Lemma blk_lt_size i : (i < sumn lam)%N -> (blk lam i < r)%N.
Proof. by move=> lt_i; rewrite ltnNge leq_blk // part_sum_size -ltnNge. Qed.

Lemma blk_eqE i j : (j < r)%N -> (blk lam i == j) = (part_sum j <= i < part_sum j.+1)%N.
Proof.
move=> lt_jr; rewrite eqn_leq andbC -leq_blk ?(ltnW lt_jr) //; congr andb.
by rewrite leqNgt leq_blk // ltnNge.
Qed.

Lemma sum_itv_indicator n a b :
  (\sum_(i < n) ((a <= i < b)%N : nat) = minn b n - minn a n)%N.
Proof.
elim: n => [|n IH]; first by rewrite big_ord0 !minn0.
by rewrite big_ord_recr /= IH; case: (leqP a n); case: (ltnP n b) => /=; lia.
Qed.

Lemma card_blk n j : sumn lam = n -> (j < r)%N ->
  (\sum_(i < n) ((blk lam i == j) : nat))%N = nth 0%N lam j.
Proof.
move=> sum_lam lt_jr; under eq_bigr => i _ do rewrite blk_eqE //.
have le_n : (part_sum j.+1 <= n)%N by rewrite -sum_lam -part_sum_size leq_part_sum.
rewrite sum_itv_indicator; move: le_n; rewrite part_sumS; lia.
Qed.

End Blocks.

Section GenSubalg.
Variables (R : comNzRingType) (A : algType R) (G : A -> Prop).
Local Notation gen := (gen_subalg G).

Lemma gen_subalgZ c a : gen a -> gen (c *: a).
Proof. by move=> gen_a; rewrite -mulr_algl; apply: gen_mul => //; apply: gen_scalar. Qed.

Lemma gen_subalg0 : gen 0.
Proof. by rewrite -(scale0r (1 : A)); apply: gen_scalar. Qed.

Lemma gen_subalg1 : gen 1.
Proof. by rewrite -(scale1r (1 : A)); apply: gen_scalar. Qed.

Lemma gen_subalg_sum (I : Type) (s : seq I) (P : pred I) (F : I -> A) :
  (forall i, P i -> gen (F i)) -> gen (\sum_(i <- s | P i) F i).
Proof. by move=> genF; apply: big_ind => //; [exact: gen_subalg0 | exact: gen_add]. Qed.

Lemma gen_subalg_prod (I : Type) (s : seq I) (P : pred I) (F : I -> A) :
  (forall i, P i -> gen (F i)) -> gen (\prod_(i <- s | P i) F i).
Proof. by move=> genF; apply: big_ind => //; [exact: gen_subalg1 | exact: gen_mul]. Qed.

Lemma gen_subalgX a k : gen a -> gen (a ^+ k).
Proof.
by move=> gen_a; rewrite -(card_ord k) -prodr_const; apply: gen_subalg_prod.
Qed.

End GenSubalg.

Lemma msym_meval (R : comNzRingType) n (s : 'S_n) (p : {mpoly R[n]}) v :
  (msym s p).@[v] = p.@[v \o s].
Proof.
rewrite -[msym s p]comp_mpoly_id msym_mPo comp_mpoly_meval; apply: meval_eq => i.
by rewrite !tnth_mktuple mevalXU.
Qed.

Lemma sum_msym_sym (R : comNzRingType) n (p : {mpoly R[n]}) :
  \sum_(s : 'S_n) msym s p \is symmetric.
Proof.
apply/issymP => t; rewrite raddf_sum /=.
under eq_bigr => s _ do rewrite -msymMm.
by rewrite [RHS](reindex_inj (mulIg t)).
Qed.

Section Pullback.
Variables (C : comNzRingType) (n : nat) (lam : seq nat).
Local Notation r := (size lam).

HB.instance Definition _ := GRing.LRMorphism.copy (@pullback C n lam)
  (comp_mpoly [tuple yvar C lam i | i < n]).

Lemma pullbackX (i : 'I_n) : pullback lam 'X_i = yvar C lam i.
Proof. by rewrite /pullback comp_mpolyXU -tnth_nth tnth_mktuple. Qed.

Lemma pullback_meval (f : {mpoly C[n]}) y : (pullback lam f).@[y] = f.@[@Epoint C n lam y].
Proof.
rewrite comp_mpoly_meval; apply: meval_eq => i.
by rewrite tnth_mktuple /yvar /Epoint /ext; case: insub => [j|]; rewrite ?mevalXU ?meval0.
Qed.

Lemma Epoint_in_X y : in_X lam (@Epoint C n lam y).
Proof. by exists 1%g, y; apply: functional_extensionality => i; rewrite perm1. Qed.

Lemma invariant_pullback0_vanishes (f : {mpoly C[n]}) :
  invariant_on_X lam f -> pullback lam f = 0 -> vanishes_on_X lam f.
Proof.
move=> f_inv f0 _ [s [y ->]].
by rewrite (f_inv _ (Epoint_in_X y)) -pullback_meval f0 meval0.
Qed.

Definition mpowsum k : {mpoly C[n]} := \sum_(i < n) 'X_i ^+ k.

Lemma mpowsum_invariant k : invariant_on_X lam (mpowsum k).
Proof.
move=> x _ s; rewrite !rmorph_sum /= [RHS](reindex_inj (@perm_inj _ s)) /=.
by apply: eq_bigr => i _; rewrite !rmorphXn /= !mevalXU.
Qed.

Hypothesis sum_lam : sumn lam = n.

Lemma yvarX (i : 'I_n) k :
  yvar C lam i ^+ k = \sum_(j < r) ((blk lam i == j) : nat)%:R *: 'X_j ^+ k.
Proof.
have lt_blk : (blk lam i < r)%N by apply: blk_lt_size; rewrite sum_lam.
rewrite /yvar insubT /= (bigD1 (Ordinal lt_blk)) //= eqxx scale1r big1 ?addr0 //.
move=> j neq_j; suff -> : (blk lam i == j) = false by rewrite scale0r.
by apply/negbTE; apply: contra neq_j => /eqP eq_j; apply/eqP/val_inj.
Qed.

Lemma sum_yvarX k : \sum_(i < n) yvar C lam i ^+ k = newton_sum C lam k.
Proof.
under eq_bigr => i _ do rewrite yvarX.
rewrite exchange_big; apply: eq_bigr => j _.
by rewrite -scaler_suml -natr_sum card_blk.
Qed.

Lemma pullback_mpowsum k : pullback lam (mpowsum k) = newton_sum C lam k.
Proof.
rewrite rmorph_sum -sum_yvarX; apply: eq_bigr => i _.
by rewrite rmorphXn /= pullbackX.
Qed.

Local Notation newton_gen := (fun p => exists k, (0 < k)%N /\ p = newton_sum C lam k).

Lemma pullback_invariant_of_gen g : gen_subalg newton_gen g ->
  exists f : {mpoly C[n]}, invariant_on_X lam f /\ pullback lam f = g.
Proof.
elim=> [_ [k [_ ->]] | c | a b _ [fa [fa_inv <-]] _ [fb [fb_inv <-]]
        | a b _ [fa [fa_inv <-]] _ [fb [fb_inv <-]]].
- by exists (mpowsum k); split; [exact: mpowsum_invariant | exact: pullback_mpowsum].
- exists c%:MP; split; first by move=> x _ s; rewrite !mevalC.
  by rewrite -alg_mpolyC rmorph_alg.
- exists (fa + fb); split; last exact: raddfD.
  by move=> x x_in s; rewrite !mevalD fa_inv ?fb_inv.
- exists (fa * fb); split; last exact: rmorphM.
  by move=> x x_in s; rewrite !mevalM fa_inv ?fb_inv.
Qed.

Definition yvars := [seq yvar C lam i | i <- enum 'I_n].

Lemma pow_sum_yvars k : pow_sum yvars k = newton_sum C lam k.
Proof. by rewrite /pow_sum big_map big_enum (eq_bigl xpredT) //= sum_yvarX. Qed.

Lemma esym_genpoly_yvars k : (esym_genpoly yvars)`_k = pullback lam (mesym n C k).
Proof.
rewrite /esym_genpoly big_map big_enum (eq_bigl xpredT) //=.
rewrite bigA_distr coef_sum mesymE /pullback raddf_sum [RHS]big_mkcond /=.
apply: eq_bigr => J _; rewrite -big_mkcond /= big_split /= prodr_const -rmorph_prod.
rewrite coefCM coefXn eq_sym; case: eqP => _; last by rewrite mulr0.
rewrite mulr1 comp_mpolyX big_mkcond; apply: eq_bigr => i _.
by rewrite tnth_mktuple /mesym1 mnmE; case: (i \in J).
Qed.

End Pullback.

Section CharZero.
Variables (K : numFieldType) (n : nat) (lam : seq nat).
Hypothesis sum_lam : sumn lam = n.
Local Notation gen := (gen_subalg (fun p => exists k, (0 < k)%N /\ p = newton_sum K lam k)).

Lemma gen_esym_genpoly_yvars k : gen ((esym_genpoly (yvars K n lam))`_k).
Proof.
set ys := yvars K n lam; elim/ltn_ind: k => -[_ | k IH].
  by rewrite esym_genpoly_yvars mesym0E rmorph1; exact: gen_subalg1.
have -> : (esym_genpoly ys)`_k.+1 = (k.+1%:R : K)^-1 *:
    \sum_(j < k.+1) (-1) ^+ j * pow_sum ys j.+1 * (esym_genpoly ys)`_(k - j).
  by rewrite -newton_identity -scaler_nat scalerA mulVf ?scale1r // pnatr_eq0.
apply/gen_subalgZ/gen_subalg_sum => j _; apply: gen_mul.
  apply: gen_mul; last by apply: gen_base; exists j.+1; rewrite pow_sum_yvars.
  by rewrite -scaleN1r; apply/gen_subalgX/gen_subalgZ/gen_subalg1.
by apply: IH; rewrite ltnS leq_subr.
Qed.

Lemma gen_pullback_sym (p : {mpoly K[n]}) : p \is symmetric -> gen (pullback lam p).
Proof.
case/sym_fundamental => t [<- _]; rewrite comp_mpolyEX rmorph_sum.
apply: gen_subalg_sum => m _; rewrite /= linearZ /= comp_mpolyX rmorph_prod.
apply/gen_subalgZ/gen_subalg_prod => i _; rewrite rmorphXn tnth_mktuple.
by apply: gen_subalgX; rewrite /= -esym_genpoly_yvars; exact: gen_esym_genpoly_yvars.
Qed.

Lemma pullback_msym_invariant (f : {mpoly K[n]}) (s : 'S_n) :
  invariant_on_X lam f -> pullback lam (msym s f) = pullback lam f.
Proof.
move=> f_inv; apply/eqP; rewrite -subr_eq0; apply/eqP/vanishing_mpoly_eq0 => y.
by rewrite mevalB !pullback_meval msym_meval (f_inv _ (Epoint_in_X _ _)) subrr.
Qed.

Lemma gen_pullback_invariant (f : {mpoly K[n]}) :
  invariant_on_X lam f -> gen (pullback lam f).
Proof.
move=> f_inv; have := gen_pullback_sym (sum_msym_sym f).
rewrite rmorph_sum /=; under eq_bigr => s _ do rewrite pullback_msym_invariant //.
rewrite sumr_const card_Sn -scaler_nat => /(gen_subalgZ (n`!%:R^-1)).
by rewrite scalerA mulVf ?scale1r // pnatr_eq0 -lt0n fact_gt0.
Qed.

End CharZero.

Theorem proposition2p2 (R : realType) (n : nat) (lam : seq nat)
    (Hsum : sumn lam = n) (Hpos : all (fun k => 0 < k)%N lam)
    (Hsorted : sorted geq lam) :
  (* the pullback O(X_lam/S_n) -> C[y_1..y_r] is injective *)
  (forall f : {mpoly (R[i])[n]}, invariant_on_X lam f ->
     pullback lam f = 0 -> vanishes_on_X lam f) /\
  (* and its image is the subalgebra gen_subalg by the Newton lam-sums *)
  (forall g : {mpoly (R[i])[size lam]},
     (exists f : {mpoly (R[i])[n]}, invariant_on_X lam f /\ pullback lam f = g)
     <-> gen_subalg (fun p => exists k, (0 < k)%N /\ p = newton_sum (R[i]) lam k) g).
Proof.
split; first exact: invariant_pullback0_vanishes.
move=> g; split; first by case=> f [f_inv <-]; exact: gen_pullback_invariant.
exact: pullback_invariant_of_gen.
Qed.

Exercise objective: Of the lines above, output exactly those from the line bearing "by rewrite tnth_mktuple /mesym1" through the line bearing "set ys := yvars", inclusive.

Response area:
by rewrite tnth_mktuple /mesym1 mnmE; case: (i \in J).
Qed.

End Pullback.

Section CharZero.
Variables (K : numFieldType) (n : nat) (lam : seq nat).
Hypothesis sum_lam : sumn lam = n.
Local Notation gen := (gen_subalg (fun p => exists k, (0 < k)%N /\ p = newton_sum K lam k)).

Lemma gen_esym_genpoly_yvars k : gen ((esym_genpoly (yvars K n lam))`_k).
Proof.
set ys := yvars K n lam; elim/ltn_ind: k => -[_ | k IH].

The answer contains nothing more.